### 라이브러리 Import

In [1]:
import os
import pandas as pd
import networkx as nx
import plotly.graph_objects as go
import pickle
from datetime import datetime

### 경로 설정

In [2]:
# ───────────────────────────────
# 전처리된 파일들이 저장된 폴더
# ───────────────────────────────
BASE_PREPROCESSED_DIR = r"C:\Users\idle9\Desktop\Naver MYBOX\AISLab\Dataset\AWID3_Dataset_CSV\Preprocessed"

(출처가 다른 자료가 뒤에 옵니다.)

Lemma supp_mul_sel_mx (T : {set 'I_n}) (x : 'rV[F]_#|T|) :
  supp (x *m sel_mx T) \subset T.
Proof.
apply/subsetP => j; rewrite inE; apply: contraR => jT.
rewrite mxE big1 // => t _; rewrite mxE.
by case: eqP => [e | _]; [move: jT; rewrite e enum_valP | rewrite mulr0].
Qed.

Lemma sel_mx_mulT (T : {set 'I_n}) : sel_mx T *m (sel_mx T)^T = 1%:M.
Proof.
apply/row_matrixP => s; apply/rowP => t.
by rewrite row_mul mul_sel_mxTE !mxE (inj_eq enum_val_inj) eq_sym.
Qed.

Lemma sel_mxK (T : {set 'I_n}) (v : 'rV[F]_n) :
  supp v \subset T -> v *m (sel_mx T)^T *m sel_mx T = v.
Proof.
move=> sT; apply/rowP => j; rewrite mxE.
have [jT | jT] := boolP (j \in T).
  rewrite (bigD1 (enum_rank_in jT j)) //= big1 => [|t nt].
    by rewrite mul_sel_mxTE !mxE enum_rankK_in // eqxx mulr1 addr0.
  rewrite !mxE; case: eqP => [e | _]; last by rewrite mulr0.
  by case/eqP: nt; rewrite -{1}(enum_valK_in jT t) -e.
have -> : v 0 j = 0 by apply/eqP; apply: contraR jT => vj; apply: (subsetP sT); rewrite inE.
rewrite big1 // => t _; rewrite !mxE.
by case: eqP => [e | _]; [move: jT; rewrite e enum_valP | rewrite mulr0].
Qed.

Lemma submx_by_supp_descent p r (V : 'M[F]_(p, n)) (H : 'M[F]_(r, n)) :
  (H <= V)%MS ->
  (forall u : 'rV_n, (u <= V)%MS -> u != 0 ->
     exists2 h, (h <= H)%MS & h != 0 /\ supp h \subset supp u) ->
  (V <= H)%MS.
Proof.
move=> sHV descent.
suff sub_wt w (u : 'rV_n) : (wt u < w)%N -> (u <= V)%MS -> (u <= H)%MS.
  by apply/row_subP => i; apply: (sub_wt (wt (row i V)).+1) => //; exact: row_sub.
elim: w u => // w IH u hw uV.
have [-> | unz] := eqVneq u 0; first exact: sub0mx.
have [h hH [hnz shu]] := descent u uV unz.
have [j jh] : exists j, j \in supp h by apply/set0Pn; rewrite supp_eq0.
have hj : h 0 j != 0 by rewrite inE in jh.
set v := u - (u 0 j / h 0 j) *: h.
have svu : supp v \subset supp u :\ j.
  apply/subsetP => j'; rewrite !inE !mxE; apply: contraR.
  rewrite negb_and !negbK => /orP[/eqP -> | uj']; first by rewrite divfK ?subrr.
  have -> : h 0 j' = 0.
    apply/eqP; apply: contraTT uj' => hj'.
    by have := subsetP shu j'; rewrite !inE; apply.
  by rewrite (eqP uj') mulr0 subrr.
have vV : (v <= V)%MS.
  by rewrite addmx_sub // eqmx_opp scalemx_sub // (submx_trans hH sHV).
have wv : (wt v < w)%N.
  have := subset_leq_card svu; have := cardsD1 j (supp u).
  rewrite (subsetP shu j jh) -!wtE; lia.
rewrite -(subrK ((u 0 j / h 0 j) *: h) u) -/v.
by rewrite addmx_sub ?scalemx_sub ?(IH v).
Qed.

End Support.

Section StoppingSets.
Local Open Scope ring_scope.
Variables (F : fieldType) (r n : nat) (H : 'M[F]_(r, n)).

Lemma has_single_rowP (S : {set 'I_n}) :
  has_single_row H S <-> exists i j, S :&: supp (row i H) = [set j].
Proof.
have eS i : [set j in S | H i j != 0] = S :&: supp (row i H).
  by apply/setP => j; rewrite !inE mxE.
split => [[i] | [i [j e]]]; last by exists i; rewrite eS e cards1.
by rewrite eS => /eqP/cards1P[j e]; exists i, j.
Qed.

Lemma not_single_row_supp (v : 'rV[F]_n) :
  H *m v^T = 0 -> ~ has_single_row H (supp v).
Proof.
move=> Hv /has_single_rowP[i [j e]].
have inS j' : (j' \in supp v) && (H i j' != 0) = (j' == j).
  by rewrite -supp_row -in_setI e inE.
have /andP[vj hj] : (j \in supp v) && (H i j != 0) by rewrite inS.
rewrite inE in vj.
have : (H *m v^T) i 0 = H i j * v 0 j.
  rewrite mxE (bigD1 j) //= big1 ?mxE ?addr0 // => j' nj'; rewrite mxE.
  move: (inS j'); rewrite (negbTE nj') inE => /negbT; rewrite negb_and !negbK.
  by case/orP => /eqP ->; rewrite ?mulr0 ?mul0r.
by rewrite Hv mxE => /esym/eqP; rewrite mulf_eq0 (negbTE vj) (negbTE hj).
Qed.

Definition realizes_supports (s : nat) :=
  forall T : {set 'I_n}, #|T| = s -> exists i, supp (row i H) = T.

Lemma cols_ok_realizes k : realizes_supports k.+1 -> cols_ok H (n - k).
Proof.
move=> realH S S0 Sk.
have [j jS] : exists j, j \in S by apply/set0Pn; rewrite -card_gt0.
have [T [jT sT cT]] : exists T : {set 'I_n},
    [/\ [set j] \subset T, T \subset j |: ~: S & #|T| = k.+1].
  apply: exists_set_card_between; first by rewrite sub1set setU11.
  rewrite cards1 cardsU1 !inE jS /= cardsCs setCK card_ord; lia.
have [i si] := realH T cT; apply/has_single_rowP; exists i, j.
rewrite si; apply/setP => j'; rewrite !inE.
apply/andP/eqP => [[j'S /(subsetP sT)] | ->]; last by rewrite jS -sub1set.
by rewrite !inE j'S orbF => /eqP.
Qed.

Section RowWeights.
Variable k : nat.
Hypothesis row_wt : forall i, row i H != 0 -> (k < wt (row i H))%N.

Lemma single_row_set (S : {set 'I_n}) i j :
  #|S| = (n - k)%N -> S :&: supp (row i H) = [set j] ->
  [/\ j \in supp (row i H), wt (row i H) = k.+1 & S = j |: ~: supp (row i H)].
Proof.
move=> cS e.
have /setIP[jS jsupp] : j \in S :&: supp (row i H) by rewrite e set11.
have /row_wt wi : row i H != 0 by rewrite -supp_eq0; apply/set0Pn; exists j.
have sZ : S :\ j \subset ~: supp (row i H).
  apply/subsetP => j'; rewrite in_setD1 in_setC => /andP[nj j'S].
  by apply: contra nj => j'supp; rewrite -in_set1 -e in_setI j'S.
have cSj : #|S :\ j|.+1 = (n - k)%N by rewrite -cS (cardsD1 j S) jS.
have cZ : #|~: supp (row i H)| = (n - wt (row i H))%N by rewrite cardsCs setCK card_ord.
have wn : (wt (row i H) <= n)%N by rewrite wtE -[X in (_ <= X)%N](card_ord n) max_card.
have eZ : S :\ j = ~: supp (row i H).
  have leZ : (#|~: supp (row i H)| <= #|S :\ j|)%N by rewrite cZ; lia.
  by apply/eqP; rewrite eqEcard sZ /=; exact: leZ.
split=> //; last by rewrite -eZ setD1K.
by move: cZ; rewrite -eZ; lia.
Qed.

# 예시: 각 공격별 폴더 (필요한 공격의 폴더 경로 사용)
DATA_DIR_1 = os.path.join(BASE_PREPROCESSED_DIR, "1.Deauth")
DATA_DIR_2 = os.path.join(BASE_PREPROCESSED_DIR, "2.Disas")
DATA_DIR_3 = os.path.join(BASE_PREPROCESSED_DIR, "3.(Re)Assoc")
DATA_DIR_4 = os.path.join(BASE_PREPROCESSED_DIR, "4.Rogue_AP")
DATA_DIR_5 = os.path.join(BASE_PREPROCESSED_DIR, "5.Krack")
DATA_DIR_6 = os.path.join(BASE_PREPROCESSED_DIR, "6.Kr00k")
DATA_DIR_7 = os.path.join(BASE_PREPROCESSED_DIR, "7.SSH")
DATA_DIR_8 = os.path.join(BASE_PREPROCESSED_DIR, "8.Botnet")
DATA_DIR_9 = os.path.join(BASE_PREPROCESSED_DIR, "9.Malware")
DATA_DIR_10 = os.path.join(BASE_PREPROCESSED_DIR, "10.SQL_Injection")
DATA_DIR_11 = os.path.join(BASE_PREPROCESSED_DIR, "11.SSDP")
DATA_DIR_12 = os.path.join(BASE_PREPROCESSED_DIR, "12.Evil_Twin")
DATA_DIR_13 = os.path.join(BASE_PREPROCESSED_DIR, "13.Website_spoofing")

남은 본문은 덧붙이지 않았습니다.